Sir Richard Steele: Spectator, No. 522.

I am sure it is not to exalt the commerce with an ingenious companion too high, to say that every new accident or object which comes into such a gentleman’s way gives his wife new pleasures and satisfactions. The approbation of his words and actions is a continual new feast to her; nor can she enough applaud her good fortune in having her life varied every hour, her mind more improved, and her heart more glad, from every circumstance which they meet with. He will lay out his invention in forming new pleasures and amusements, and make the fortune she has brought him subservient to the honour and reputation of her and hers. A man of sense who is thus obliged is ever contriving the happiness of her who did him so great a distinction; while the fool is ungrateful without vice, and never returns a favour because he is not sensible of it.

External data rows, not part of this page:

(* Let $G$ be a simple connected graph with $n$ vertices and $m$ edges, let $k>2$ and $r\ge1$ be integers, and let $S_k^r(G)$ be the $r$-th iterated $k$-parallel subdivision graph of $G$. Then $$Kf^*(S_k^r(G))=(8k)^rKf^*(G)+\frac{(2k)^r(4^r-1)}{3}(m-2mn)+\frac{k(4k)^r(k^r-2^r)}{k-2}m^2-\frac{k(2k)^r\big[4^r-2k(4^r-1)+3(2k)^r-4\big]}{3(k-2)(2k-1)}m^2.$$
   Context: The $k$-parallel subdivision graph $S_k(H)$ of a graph $H$ is obtained by replacing each edge $uv$ of $H$ by $k$ internally disjoint paths $u-w-v$ of length $2$ (each with its own new middle vertex). Iterates: $S_k^0(G)=G$ and $S_k^r(G)=S_k(S_k^{r-1}(G))$. For a connected graph $H$, the multiplicative degree Kirchhoff index is $Kf^*(H)=\sum_{\{a,b\}\subseteq V(H)} d_a d_b\,\Omega_{ab}(H)$, where the sum is over unordered pairs of distinct vertices, $d_a$ is the degree of $a$, and $\Omega_{ab}(H)$ is the resistance distance (effective resistance with unit resistors on the edges); equivalently $Kf^*(H)=2|E(H)|\sum_{i\ge2}1/\lambda_i$ where $0=\lambda_1<\lambda_2\le\dots$ are the eigenvalues of the normalized Laplacian $I-D^{-1/2}AD^{-1/2}$ of $H$. *)

From HB Require Import structures.
From mathcomp Require Import all_boot all_order all_algebra.
Set Implicit Arguments. Unset Strict Implicit. Unset Printing Implicit Defensive.
Import Order.TTheory GRing.Theory Num.Theory.
Local Open Scope ring_scope.

Record graph := Graph { gV : finType; gadj : rel gV }.

Definition simple_graph (G : graph) : Prop :=
  symmetric (@gadj G) /\ irreflexive (@gadj G).

Definition connected_graph (G : graph) : Prop :=
  forall u v : gV G, connect (@gadj G) u v.

(* Edges = unordered pairs {u,v}, each represented once as the ordered pair
   (u,v) with rank u < rank v in the enumeration of the vertex type. *)
Definition is_edge (G : graph) (p : gV G * gV G) : bool :=
  @gadj G p.1 p.2 && (enum_rank p.1 < enum_rank p.2)%N.

Definition edge_t (G : graph) : finType := {p : gV G * gV G | is_edge p}.

Definition nverts (G : graph) : nat := #|gV G|.
Definition nedges (G : graph) : nat := #|[pred p : gV G * gV G | is_edge p]|.
Definition deg (G : graph) (u : gV G) : nat := #|[pred v | @gadj G u v]|.

(* k-parallel subdivision: keep the old vertices, add k new middle vertices
   (e,i), i < k, for every edge e = uv, each adjacent exactly to u and v. *)
Definition sub_V (k : nat) (G : graph) : finType := (gV G + (edge_t G * 'I_k))%type.

Definition sub_adj (k : nat) (G : graph) : rel (sub_V k G) :=
  fun x y =>
    match x, y with
    | inl u, inr (e, _) => (u == (val e).1) || (u == (val e).2)
    | inr (e, _), inl u => (u == (val e).1) || (u == (val e).2)
    | _, _ => false
    end.

Definition subdiv (k : nat) (G : graph) : graph := @Graph (sub_V k G) (@sub_adj k G).

Fixpoint iter_subdiv (k r : nat) (G : graph) : graph :=
  match r with
  | 0 => G
  | r'.+1 => subdiv k (iter_subdiv k r' G)
  end.

Definition laplacian (R : fieldType) (G : graph) : 'M[R]_(#|gV G|) :=
  \matrix_(i, j)
    (if i == j then (deg (enum_val i))%:R
     else if @gadj G (enum_val i) (enum_val j) then -1 else 0).

(* Resistance distance (Kirchhoff): inject a unit current at a and extract it
   at b; solve for potentials x with x L = e_a - e_b (L symmetric) and take
   x_a - x_b.  pinvmx gives a solution whenever one exists (connected graph). *)
Definition resistance (R : fieldType) (G : graph) (a b : gV G) : R :=
  let u : 'rV[R]_(#|gV G|) :=
    delta_mx 0 (enum_rank a) - delta_mx 0 (enum_rank b) in
  let x := u *m pinvmx (laplacian R G) in
  x 0 (enum_rank a) - x 0 (enum_rank b).

Definition Kf_star (R : fieldType) (G : graph) : R :=
  \sum_(p : gV G * gV G | (enum_rank p.1 < enum_rank p.2)%N)
     (deg p.1)%:R * (deg p.2)%:R * resistance R p.1 p.2.

(* Resistances can be read off any family of potentials [M p], one for each vertex [p], with
   [lap (M p) = e_p - c] for a fixed vector [c]: then [Omega_ab = M a a - M a b - M b a + M b b],
   so that [Kf* = (\sum_u d_u) (\sum_u d_u M u u) - \sum_(u,v) d_u d_v M u v].  Such a family
   exists on a connected graph, whose Laplacian has only the constants in its kernel, and a family
   for [H] lifts explicitly to [S_k(H)]: an old potential is scaled by [2/k] and extended to each
   middle vertex by the mean of the two ends of its edge; the potential of a middle vertex is the
   average of those of its two ends plus half its indicator.  Substituting the lift gives
   [Kf*(S_k H) = 8k Kf*(H) + 2km - 4kmn + 4k^2m^2], and with the counts [m_r = (2k)^r m] and
   [n_r = n + km((2k)^r - 1)/(2k - 1)] of the iterates this recursion solves to the closed form. *)

From HB Require Import structures.
From mathcomp Require Import all_boot all_order all_algebra.
From mathcomp Require Import ring zify.
Import Order.TTheory GRing.Theory Num.Theory.
Local Open Scope ring_scope.
Set Implicit Arguments. Unset Strict Implicit. Unset Printing Implicit Defensive.

Lemma sumr_const_natr (R : pzSemiRingType) (T : finType) (x : R) :
  \sum_(i : T) x = #|T|%:R * x.
Proof. by rewrite sumr_const mulr_natl. Qed.

Lemma sum_delta (R : pzSemiRingType) (T : finType) (a : T) (f : T -> R) :
  \sum_v (v == a)%:R * f v = f a.
Proof.
rewrite (bigD1 a) //= eqxx mul1r big1 ?addr0 // => v /negbTE ->.
by rewrite mul0r.
Qed.

Lemma sum_delta1 (R : pzSemiRingType) (T : finType) (a : T) :
  \sum_v (v == a)%:R = 1 :> R.
Proof. by rewrite -[RHS](sum_delta a (fun _ => 1)); apply: eq_bigr => v _; rewrite mulr1. Qed.

Lemma sum_prod (R : nmodType) (I J : finType) (F : I * J -> R) :
  \sum_p F p = \sum_i \sum_j F (i, j).
Proof. by rewrite pair_bigA; apply: eq_bigr => -[]. Qed.

Lemma edge_ends_neq (H : graph) (e : edge_t H) : (val e).1 != (val e).2.
Proof. by case: e => [[x y]] /= /andP [_]; apply: contraTneq => ->; rewrite ltnn. Qed.

Local Notation rk := enum_rank.

Lemma sum_split_lt_rank (R : nmodType) (T : finType) (F : T * T -> R) :
  \sum_p F p = \sum_(p | (rk p.1 < rk p.2)%N) (F p + F (p.2, p.1)) + \sum_a F (a, a).
Proof.
rewrite (bigID (fun p : T * T => (rk p.1 < rk p.2)%N)) /= big_split /= -addrA.
congr (_ + _); rewrite (bigID (fun p : T * T => (rk p.2 < rk p.1)%N)) /=.
congr (_ + _).
  rewrite (reindex_inj (h := fun p : T * T => (p.2, p.1))) /=; last first.
    by move=> [? ?] [? ?] [-> ->].
  by apply: eq_bigl => -[x y] /=; case: ltngtP.
rewrite (eq_bigl (fun p : T * T => p.1 == p.2)); last first.
  move=> [x y] /=; case: ltngtP => [h|h|/val_inj/enum_rank_inj ->]; last by rewrite eqxx.
  1,2: by apply/esym/eqP => xy; move: h; rewrite xy ltnn.
rewrite big_mkcond sum_prod; apply: eq_bigr => a _ /=.
rewrite (bigD1 a) //= eqxx big1 ?addr0 // => b /negbTE.
by rewrite eq_sym => ->.
Qed.

Lemma sum_lt_rank_sym (R : comNzRingType) (T : finType) (F : T * T -> R) :
  (forall a b, F (a, b) = F (b, a)) -> (forall a, F (a, a) = 0) ->
  \sum_p F p = 2 * \sum_(p | (rk p.1 < rk p.2)%N) F p.
Proof.
move=> Fsym F0; rewrite sum_split_lt_rank [\sum_(a : T) _]big1 ?addr0 // mulr_sumr.
by apply: eq_bigr => -[a b] _; rewrite /= -Fsym; ring.
Qed.

Section Laplacian.
Variables (R : numFieldType) (H : graph).
Local Notation V := (gV H).
Local Notation adj := (@gadj H).
Local Notation d u := ((@deg H u)%:R : R).

Lemma deg_sum1 (w : V) : d w = \sum_(v | adj w v) 1.
Proof. by rewrite /deg -sumr_const. Qed.

Definition lap (z : V -> R) (w : V) : R := d w * z w - \sum_(v | adj w v) z v.

Lemma lapB (f g : V -> R) w : lap (fun y => f y - g y) w = lap f w - lap g w.
Proof. by rewrite /lap sumrB; ring. Qed.

Lemma lap_comb3 a b c (f g h : V -> R) w :
  lap (fun y => a * f y + b * g y + c * h y) w = a * lap f w + b * lap g w + c * lap h w.
Proof. by rewrite /lap !big_split /= -!mulr_sumr; ring. Qed.

Definition green_family (M : V -> V -> R) (c : V -> R) :=
  forall p w, lap (M p) w = (w == p)%:R - c w.

Hypothesis sym : symmetric adj.
Hypothesis irr : irreflexive adj.

Lemma sum_edge_orient (g : V -> V -> R) :
  \sum_(e : edge_t H) (g (val e).1 (val e).2 + g (val e).2 (val e).1)
  = \sum_u \sum_(v | adj u v) g u v.
Proof.
rewrite -(big_sub [pred p | is_edge p] (fun p => g p.1 p.2 + g p.2 p.1)).
have -> : \sum_u \sum_(v | adj u v) g u v = \sum_p (if adj p.1 p.2 then g p.1 p.2 else 0).
  by rewrite sum_prod; apply: eq_bigr => u _; rewrite big_mkcond.
rewrite sum_split_lt_rank /= [\sum_(a : V) _]big1 ?addr0; last by move=> a _ /=; rewrite irr.
rewrite [RHS]big_mkcond [LHS]big_mkcond; apply: eq_bigr => -[x y] _ /=.
rewrite inE /is_edge /= (sym y x).
by case: (adj x y); case: (_ < _)%N; rewrite /= ?addr0.
Qed.

Lemma handshake : 2 * (nedges H)%:R = \sum_(u : V) d u.
Proof.
under eq_bigr do rewrite deg_sum1.
rewrite -(sum_edge_orient (fun _ _ => 1)) sumr_const_natr /edge_t card_sig; ring.
Qed.

Lemma sum_edge_ends (f : V -> R) :
  \sum_(e : edge_t H) (f (val e).1 + f (val e).2) = \sum_u d u * f u.
Proof.
rewrite (sum_edge_orient (fun a _ => f a)); apply: eq_bigr => u _.
by rewrite deg_sum1 mulr_suml; apply: eq_bigr => v _; rewrite mul1r.
Qed.

Lemma sum_edge_incident (g : V -> V -> R) u :
  \sum_(e : edge_t H) ((u == (val e).1)%:R * g (val e).1 (val e).2
                       + (u == (val e).2)%:R * g (val e).2 (val e).1)
  = \sum_(v | adj u v) g u v.
Proof.
rewrite (sum_edge_orient (fun a b => (u == a)%:R * g a b)).
under eq_bigr => a _ do rewrite -mulr_sumr eq_sym.
exact: sum_delta.
Qed.

Lemma sum_lap (z : V -> R) : \sum_w lap z w = 0.
Proof.
apply/eqP; rewrite /lap sumrB subr_eq0; apply/eqP.
under eq_bigr => w _ do rewrite deg_sum1 mulr_suml big_mkcond.
rewrite exchange_big /=; apply: eq_bigr => v _; rewrite [RHS]big_mkcond.
by apply: eq_bigr => w _; rewrite sym; case: adj; rewrite ?mul1r ?mul0r.
Qed.

Lemma mul_row_laplacian (z : V -> R) j :
  ((\row_i z (enum_val i)) *m laplacian R H) 0 j = lap z (enum_val j).
Proof.
rewrite /lap; have -> : \sum_(v | adj (enum_val j) v) z v =
   \sum_(i : 'I_#|V| | i != j) (if adj (enum_val j) (enum_val i) then z (enum_val i) else 0).
  rewrite (reindex (fun i : 'I_#|V| => enum_val i)) /=; last exact/onW_bij/enum_val_bij.
  by rewrite big_mkcond (bigD1 j) //= (irr (enum_val j)) add0r.
rewrite !mxE; under eq_bigr do rewrite !mxE.
rewrite (bigD1 j) //= eqxx mulrC -sumrN.
congr (_ + _); apply: eq_bigr => i /negbTE -> /=.
by rewrite (sym (enum_val i)); case: adj; rewrite ?mulrN1 ?oppr0 ?mulr0.
Qed.

Lemma tr_laplacian : (laplacian R H)^T = laplacian R H.
Proof. by apply/matrixP => i j; rewrite !mxE eq_sym; case: eqP => [->|_] //; rewrite sym. Qed.

Lemma mul_tr_delta_diff (y : 'rV[R]_#|V|) a b :
  (y *m (delta_mx 0 (rk a) - delta_mx 0 (rk b) : 'rV[R]_#|V|)^T) 0 0 = y 0 (rk a) - y 0 (rk b).
Proof.
by rewrite (raddfB trmx) /= !trmx_delta mulmxBr -(colE (rk a)) -(colE (rk b)) !mxE.
Qed.

Lemma resistance_potential (z : V -> R) a b :
  (forall w, lap z w = (w == a)%:R - (w == b)%:R) -> resistance R a b = z a - z b.
Proof.
move=> hz; set u := delta_mx 0 (rk a) - delta_mx 0 (rk b) : 'rV[R]_#|V|.
set zr := \row_i z (enum_val i) : 'rV[R]_#|V|.
have zL : zr *m laplacian R H = u.
  apply/rowP => j; rewrite mul_row_laplacian hz !mxE /=.
  have eq_rank v : (j == rk v) = (enum_val j == v).
    by rewrite -(inj_eq enum_rank_inj) enum_valK.
  by rewrite !eq_rank.
rewrite /resistance -/u; set x := u *m pinvmx (laplacian R H).
have xL : x *m laplacian R H = u by apply: mulmxKpV; rewrite -zL submxMl.
(* [x_a - x_b = x u^T = x L z^T = u z^T = z_a - z_b], as [L] is symmetric. *)
rewrite -mul_tr_delta_diff -/u -zL trmx_mul tr_laplacian mulmxA xL.
by rewrite -[u *m _]trmxK trmx_mul trmxK mxE mul_tr_delta_diff !mxE !enum_rankK.
Qed.

Lemma sum_green_offset M c (p : V) : green_family M c -> \sum_w c w = 1.
Proof.
move=> hM; have := sum_lap (M p); under eq_bigr do rewrite hM.
by rewrite sumrB sum_delta1 => /eqP; rewrite subr_eq0 => /eqP <-.
Qed.

Lemma resistance_green M c a b : green_family M c ->
  resistance R a b = M a a - M b a - M a b + M b b.
Proof.
move=> hM; rewrite (resistance_potential (z := fun x => M a x - M b x)) => [|w]; first by ring.
by rewrite lapB !hM; ring.
Qed.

Sir Richard Steele: Spectator, No. 522.

Marcus Aurelius said, that a wise man ought often to admonish his wife, to reprove her seldom, but never to lay his hands upon her…. “Etiam vipera virus ob nuptiarum venerationem evomit,” “The viper casts all his poison when he marries his female.”… He is worse than a viper who for the reverence of this sacred union will not abstain from such a poisonous bitterness…. No man can tell but he that loves his children, how many delicious accents make a man’s heart dance in the pretty conversation of those dear pledges; their childishness, their stammering, their little angers, their innocence, their imperfections, their necessities, are so many little emanations of joy and comfort to him that delights in their persons and society; but he that loves not his wife and children feeds a lioness at home and broods a nest of sorrows.

Jeremy Taylor: Twenty-five Sermons preached at Golden Grove: XVIII., The Marriage.